Records excerpted from a collection
+ + + + + + +

(* Let $g_1,\dots,g_r\in\mathbb R[X_1,\dots,X_n]$ satisfy $1-\|\mathbf X\|_2^2\in\mathcal Q(\mathbf g)$ and $\|g_i\|\le\tfrac12$, with $S=\mathcal S(\mathbf g)\neq\emptyset$. Let $\mathfrak c,\textit{Ł}>0$ be such that $D(x)^{\textit{Ł}}\le\mathfrak c\,G(x)$ for all $x\in[-1,1]^n$. Let $f\in\mathbb R[\mathbf X]$ of degree $d$ with $f^*=\min_Sf>0$, and assume there exists $x\in[-1,1]^n\setminus S$ with $f(x)\le0$. Let $A=\{x\in[-1,1]^n: f(x)\le\frac{3f^*}4\}$. Then for all $x\in A$, $$G(x)\ge\delta:=\frac1{\mathfrak c}\Big(\frac{\epsilon(f)}{8d^2}\Big)^{\textit{Ł}}.$$
   Context: $\Sigma^2$ sums of squares, $\mathcal S(\mathbf g)=\{x:g_i(x)\ge0\ \forall i\}$, $\mathcal Q(\mathbf g)=\Sigma^2+\sum_i\Sigma^2g_i$, $\|h\|=\max_{[-1,1]^n}|h|$, $\epsilon(f)=f^*/\|f\|$, $G(x)=|\min\{g_1(x),\dots,g_r(x),0\}|$, $D(x)=\operatorname{dist}(x,S)$ (Euclidean), both on $[-1,1]^n$. *)

From mathcomp Require Import all_boot all_order all_algebra.
From mathcomp Require Import boolp classical_sets reals exp.
From mathcomp Require Export mpoly.
Set Implicit Arguments. Unset Strict Implicit. Unset Printing Implicit Defensive.
Import Order.TTheory GRing.Theory Num.Theory.
Local Open Scope ring_scope.
Local Open Scope classical_set_scope.

Section Defs.
Variables (R : realType) (n : nat).

Definition is_sos (p : {mpoly R[n]}) : Prop :=
  exists s : seq {mpoly R[n]}, p = \sum_(q <- s) q ^+ 2.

+ + + + + + +

> **Problem statement**
Count each line of the entries that holds the word "Local", then state the total and nothing more.

> **Task output**
2